One source of weakness in religions is the development of science and philosophy. The rise of Greek and Roman science and philosophy caused difficulties for pagan teachings; the rise of modern science has had a similar effect on some traditional Christian teachings. In both cases the revealed weaknesses were noticed first by the educated. Since the more educated are usually more privileged, we can say that “Religious skepticism is most prevalent among the more privileged” (37).

“But skepticism does not entail a general immunity to the essential supernaturalism of all religions. For example, although sociologists have long believed that people who give their religious affiliation as ‘none’ are primarily secular humanists, considerable recent research shows this not to be the case. Most such people are merely indicating a lack of conviction in a conventional brand of faith, for they are also the group most likely to express interest in belief in unconventional mystical, magical, and religious doctrines. For example, ‘nones’ are the group of Americans most willing to accept astrology, yoga, reincarnation, ghosts, and the like (Bainbridge and Stark 1980, 1981)” (37). Such people are extremely overrepresented in new religious movements.

So privileged are the most likely to be skeptical of, and thus have weak ties to, their conventional religion. And those with weak ties to conventional religion are most likely to embrace a new one.

Another point: people who are interested in converting to a new religion are those who feel capable of mastering a new culture. Early adopters of cultural innovations are above average in wealth and education. This is true in technology, fashion, and attitude, and should hold true in religion.

Despite all this argument, why would people join a new religion? There have been thousands of new religious movements; most die out.

  • The less privileged become discontented when a religious organization becomes too worldly to continue to offer them potent compensators for scarce rewards. This is the basis of sect movements.
  • But sometimes a traditional faith and its organized expression can become so worldly that it cannot serve the universal need for religious compensators. At this point the privileged become discontented.
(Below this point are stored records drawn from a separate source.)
(* At a general r, the flux bound traps v(r)/r between the slope and M/2. *)
Lemma velocity_ratio_bounds : forall y, I y -> v a / a <= v y / y <= M / 2.
Proof.
  intros y Hy.
  pose proof (flux_bounds y Hy) as Hfy. unfold flux in Hfy.
  pose proof slope_bounds as Hc.
  assert (Hv : v y = v y / y * y) by (field; lra).
  rewrite Hv in Hfy. set (q := v y / y) in *. set (c := v a / a) in *.
  assert (Hyy : 0 < y * y) by nra.
  assert (Hay : a * a <= y * y) by nra.
  assert (Hc_sq : 0 <= c * (a * a - y * y)) by nra.
  assert (HM_sq : 0 <= M * (a * a)) by nra.
  split; apply Rmult_le_reg_r with (y * y); nra.
Qed.

Theorem radial_velocity_bounds :
  forall y, I y -> Rabs (v y) / y <= M /\ Rabs (dv y) <= 2 * M.
Proof.
  intros y Hy.
  pose proof slope_bounds as Hc.
  pose proof (velocity_ratio_bounds y Hy) as Hq.
  pose proof (Hp_bnd y Hy) as Hp.
  assert (Hdv : dv y = p y + v a / a - v y / y) by (pose proof (first_integral y Hy); lra).
  assert (Hratio : Rabs (v y) / y = Rabs (v y / y)).
  { unfold Rdiv. rewrite Rabs_mult, (Rabs_right (/ y)); [reflexivity|].
    apply Rle_ge, Rlt_le, Rinv_0_lt_compat; lra. }
  rewrite Hratio, Hdv. split; apply Rabs_le; lra.
Qed.

End RadialVelocity.

Lemma Pfun_lipschitz (beta x y : R) :
  0 < beta -> Rabs (Pfun beta y - Pfun beta x) <= beta * Rabs (y - x).
Proof.
  intros Hb. unfold Pfun. repeat destruct Rle_dec; unfold Rabs; repeat destruct Rcase_abs; nra.
Qed.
Evidence: Cults do appeal to the well-off

Mormonism, the most successful new religion for centuries, is certainly not a proletarian movement. Its recruits were relatively rich. The same is true of Christian Science. Others that follow this pattern are Spiritualism, the Unification Church (Moonies), and Americans joining Hindu faiths such as Ananda and Satchidanana. People who went to college were more likely to express interest in (and participate in) cult movements* such as Transcendental Meditation, Yoga, and Zen, other Eastern religions, and Mysticism. We see a negative correlation between years of education and participation in both faith healing and being “born again” (both of which are sect activities).

So: Sects draw from the underprivileged while cults draw from the more privileged. What about early Christianity?

  • During his ministry, Jesus seems to have been a sect leader within Judaism. But once his followers started believing in his resurrection, it ceased to be a sect and began being a cult movement.
  • Paul brought Christianity to many non-Jews.
  • So, based on what we know about how cults draw from the privileged classes, we can agree with what New Testament historians currently believe: Paul’s missionary efforts had their greatest success among the middle and upper classes.
  • In addition, there is evidence that the earliest converts to Islam were young men of privilege.

* Conventional religions in one region are cult movements in another area. Eastern religions are thus cults in America.